Last night Stanley Hauerwas was publically interviewed by an Anglican Priest/News Anchorman (weird combination, I know) in the divinity school. I had heard Dr Hauerwas speak in chapel a few weeks ago, which was a great experience as expected. The sermon was on a passage from 1 Corinthians and was fairly straightforward and not particularly controversial. His language was appropriate for a church service and his countenance was that of a minister, not a professor. Last night, however, we were able to get a glimpse of the Hauerwas that has become legendary in theological circles for certain slips of the tongue. Hauerwas the Texan was fully present last night as the interviewer asked him questions pertaining to “being a Christian in today’s world.” Aside from many  typically rich, challenging, profound, and elegant reflections on being a Christian in the modern world were the Hauerwasian one-liners that make Hauerwas the legend that he has come to be.

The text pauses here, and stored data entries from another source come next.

(* Along the leftmost branch l^0, l^1, ... a tree of L^fa is labelled c up to
   l^(m-1) and a1 from l^m on; every side subtree at l^j r is constantly c
   (j < m) or a1 (j >= m), except the one at l^k r, which avoids a1 or a2.
   The automaton walks down the leftmost branch, guesses the branching point k
   and the avoided letter b, and checks all other subtrees deterministically.
   The odd colour of the leftmost-branch states forces every accepting run to
   leave that branch, which is only possible at the first a1. Hence each
   accepting run is a canonical run [canon_run k b m] with k < m, and m is
   determined by the tree: at most 2m accepting runs. *)

From mathcomp Require Import all_boot.
From HB Require Import structures.
From mathcomp Require Import zify.
From Stdlib Require Import Classical FunctionalExtensionality.
Set Implicit Arguments. Unset Strict Implicit. Unset Printing Implicit Defensive.

Lemma upclosed_threshold (P : pred nat) :
  (forall j, P j -> P j.+1) -> (exists n, P n) -> exists n, forall j, P j = (n <= j).
Proof.
move=> P_up exP; case: (ex_minnP exP) => n Pn n_min; exists n => j.
apply/idP/idP => [/n_min // | le_nj].
by rewrite -(subnKC le_nj); elim: (j - n) => [|i IH]; rewrite ?addn0 ?addnS ?P_up.
Qed.

Lemma rcons_nseq (T : Type) (x : T) j : rcons (nseq j x) x = nseq j.+1 x.
Proof. by elim: j => //= j ->. Qed.

Lemma parity_ok_eventually_zero (Sigma : Type) (A : PTA Sigma)
    (phi : node -> pta_Q A) (br : nat -> dir) :
  (exists N, forall n, N <= n -> pta_col (phi (branch_node br n)) = 0) ->
  parity_ok (A := A) phi br.
Proof.
case=> N col0; exists 0; split=> //; split; last by exists N => n /col0 ->.
by move=> M; exists (maxn M N); rewrite leq_maxl col0 // leq_maxr.
Qed.

Lemma branch_node_const (d : dir) n : branch_node (fun=> d) n = nseq n d.
Proof.
by elim: n => // n IH; rewrite /branch_node mkseqS -/(branch_node _ n) IH rcons_nseq.
Qed.

Section PrefixNseq.
Variables (T : eqType) (x y : T).
Hypothesis neq_yx : y != x.

Lemma prefix_nseq m j : prefix (nseq m x) (nseq j x) = (m <= j).
Proof. by elim: m j => [|m IH] [|j] //=; rewrite eqxx IH. Qed.

Lemma prefix_nseq_cat m j u : prefix (nseq m x) (nseq j x ++ y :: u) = (m <= j).
Proof.
by elim: m j => [|m IH] [|j] //=; rewrite ?eqxx ?IH // eq_sym (negbTE neq_yx).
Qed.

Lemma prefix_rcons_nseq k j : prefix (rcons (nseq k x) y) (nseq j x) = false.
Proof.
by elim: k j => [|k IH] [|j] //=; rewrite ?eqxx ?IH ?(negbTE neq_yx) ?andbF.
Qed.

Lemma prefix_rcons_nseq_cat k j u :
  prefix (rcons (nseq k x) y) (nseq j x ++ y :: u) = (j == k).
Proof.
elim: k j => [|k IH] [|j] //=; rewrite ?eqxx ?IH ?prefix0s ?(negbTE neq_yx) //.
by rewrite eq_sym (negbTE neq_yx).
Qed.

End PrefixNseq.

Variant node_spec : node -> Type :=
  | SpineNode j : node_spec (nseq j dl)
  | SideNode j u : node_spec (nseq j dl ++ dr :: u).

Lemma nodeP v : node_spec v.
Proof.
elim: v => [|[] v IHv]; first exact: (SpineNode 0).
  exact: (SideNode 0).
by case: IHv => [j | j u]; [apply: (SpineNode j.+1) | apply: (SideNode j.+1)].
Qed.


Definition tree_km (k m : nat) (t' : tree Sig) : tree Sig :=
  graft (graft (tconst c) (rcons (nseq k dl) dr) t') (nseq m dl) (tconst a1).

Lemma tree_km_spine k m t' j :
  tree_km k m t' (nseq j dl) = if m <= j then a1 else c.
Proof.
by rewrite /tree_km /graft prefix_nseq prefix_rcons_nseq //; case: ifP.
Qed.

Lemma tree_km_side k m t' j u :
  tree_km k m t' (nseq j dl ++ dr :: u) =
  if m <= j then a1 else if j == k then t' u else c.
Proof.
rewrite /tree_km /graft prefix_nseq_cat ?prefix_rcons_nseq_cat //.
case: ifP => // _; case: eqP => // ->.
by rewrite -cat_rcons drop_size_cat.
Qed.

Lemma eq_tree_km_m k m k' m' t' t'' :
  tree_km k m t' =1 tree_km k' m' t'' -> m = m'.
Proof.
move=> E; apply/eqP; rewrite eqn_leq.
have := E (nseq m dl); have := E (nseq m' dl); rewrite !tree_km_spine !leqnn.
by case: (leqP m m'); case: (leqP m' m).
Qed.

(* [qPre], [qPost]: on the leftmost branch above / below the guessed branching
   point l^k; [qC], [qA1]: subtree constantly c / a1; [qNoA1], [qNoA2]: subtree
   without a1 / a2. *)
Inductive state := qPre | qPost | qC | qNoA1 | qNoA2 | qA1.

Here are my favorites from last night (please excuse some of the language):

On Richard Dawkins and Christopher Hitchens: “Dawkins and Hitchens simply represent the fact that Christians have become so stupid that they have ceased to give the world anything interesting to think about. It’s not atheism that’s killing the Church, but sentimentality.”

On Christian marriage: “The problem with most sex is that it’s not very intimate…Our spouses get to know us better than we know ourselves, and it just scares the shit out of us.”

On health care reform: “If you live a crappy life there is no reason that you shouldn’t die a crappy death.”

On the recent developments between the Vatican and Anglicans: “I think what Benedict did was absolute shit…They just can’t give up on England. Why they would want England beats the hell out of me”

On the south: “Southern civility is one of the most calculated forms of cruelty I can think of.”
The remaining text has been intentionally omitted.